Treatment with Tecfidera (dimethyl fumarate) significantly reduces the risk of experiencing the first multiple sclerosis (MS) symptoms in adults with radiologically isolated syndrome (RIS), according to data from a Phase 4 clinical trial.

RIS is a condition in which patients have MS-like lesions on MRI scans, but lack typical symptoms of the disease.

This is the first clinical trial demonstrating the benefit of disease-modifying therapies (DMTs) in people with RIS — the “earliest detectable pre-clinical phase of multiple sclerosis,” Darin Okuda, MD, the trial’s principal investigator, said in an oral presentation at the 38th Congress of the European Committee for Treatment and Research in Multiple Sclerosis (ECTRIMS).

Okuda is a professor of neurology and the director of the MS and Neuroimmunology Imaging Program, as well as director of the Neuroinnovation Program, at University of Texas Southwestern Medical Center, in Dallas.

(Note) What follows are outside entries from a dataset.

(* Homogenized system: [sum_j mu_j (G_j, 1, 0) + mu_m (0, 1, 1) + t (-b, -1, 0) = (0, 0, 1)]
   forces [mu_m = 1] and [t = 1 + sum_j mu_j > 0], so [b = sum_j (mu_j / t) G_j] with
   weights summing to [1 - 1/t < 1]. *)
Section SubconvexAlternative.
Variables (d m : nat) (G : nat -> pt) (b : pt).

Definition subconvex_col (j : nat) : pt :=
  if Nat.ltb j m then ext_pt2 d (G j) 1 0
  else if Nat.eqb j m then ext_pt2 d (fun _ => 0) 1 1
  else ext_pt2 d (fun i => - b i) (-1) 0.

Lemma subconvex_col_lt j : (j < m)%nat -> subconvex_col j = ext_pt2 d (G j) 1 0.
Proof. intro Hj. unfold subconvex_col. destruct (Nat.ltb_spec j m); [reflexivity|lia]. Qed.

Lemma subconvex_col_m : subconvex_col m = ext_pt2 d (fun _ => 0) 1 1.
Proof. unfold subconvex_col. rewrite Nat.ltb_irrefl, Nat.eqb_refl. reflexivity. Qed.

Lemma subconvex_col_Sm : subconvex_col (S m) = ext_pt2 d (fun i => - b i) (-1) 0.
Proof.
  unfold subconvex_col. destruct (Nat.ltb_spec (S m) m); [lia|].
  destruct (Nat.eqb_spec (S m) m); [lia|reflexivity].
Qed.

Lemma subconvex_of_feasible :
  cone_feasible (S (S d)) (S (S m)) subconvex_col (ext_pt2 d (fun _ => 0) 0 1) ->
  exists mu : nat -> R, (forall j, (j < m)%nat -> 0 <= mu j) /\ Rsum m mu < 1 /\
    forall i, (i < d)%nat -> b i = Rsum m (fun j => mu j * G j i).
Proof.
  intros [mu [Hmu Hs]].
  assert (Hsum : forall i, (i < S (S d))%nat ->
    Rsum m (fun j => mu j * ext_pt2 d (G j) 1 0 i) + mu m * ext_pt2 d (fun _ => 0) 1 1 i
    + mu (S m) * ext_pt2 d (fun i => - b i) (-1) 0 i = ext_pt2 d (fun _ => 0) 0 1 i).
  { intros i Hi. rewrite <- (Hs i Hi), !Rsum_S, subconvex_col_m, subconvex_col_Sm.
    f_equal. f_equal. apply Rsum_ext. intros j Hj. rewrite subconvex_col_lt; auto. }
  assert (HSd := Hsum (S d) ltac:(lia)). assert (Hd := Hsum d ltac:(lia)).
  rewrite (Rsum_ext _ _ (fun _ => 0)), Rsum_const in HSd by (intros; rewrite ext_pt2_Sd; ring).
  rewrite (Rsum_ext _ _ mu) in Hd by (intros; rewrite ext_pt2_d; ring).
  rewrite !ext_pt2_Sd in HSd. rewrite !ext_pt2_d in Hd.
  set (t := mu (S m)) in *.
  assert (Hm0 : 0 <= Rsum m mu) by (apply Rsum_nonneg; intros; apply Hmu; lia).
  assert (Ht : 0 < t) by lra.
  exists (fun j => / t * mu j). split; [|split].
  - intros j Hj. apply Rmult_le_pos; [left; apply Rinv_0_lt_compat; auto|apply Hmu; lia].
  - rewrite Rsum_scal. apply (Rmult_lt_reg_l t); auto.
    rewrite <- Rmult_assoc, Rinv_r, Rmult_1_l by lra. lra.
  - intros i Hi. specialize (Hsum i ltac:(lia)).
    rewrite (Rsum_ext _ _ (fun j => mu j * G j i)) in Hsum by (intros; rewrite ext_pt2_lt; auto).
    rewrite !ext_pt2_lt in Hsum by auto.
    rewrite (Rsum_ext _ _ (fun j => / t * (mu j * G j i))) by (intros; ring).
    rewrite Rsum_scal. fold t in Hsum.
    replace (Rsum m (fun j => mu j * G j i)) with (t * b i) by lra. field. lra.
Qed.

The trial’s results, “Multi-center, randomized, double-blinded assessment of dimethyl fumarate in extending the time to a first clinical demyelinating event in radiologically isolated syndrome (ARISE),” were shared by Okuda at the ECTRIMS 2022 Congress, held Oct. 26–28, both virtually and in Amsterdam, Netherlands. Biogen, which developed and markets Tecfidera as a DMT, funded the trial.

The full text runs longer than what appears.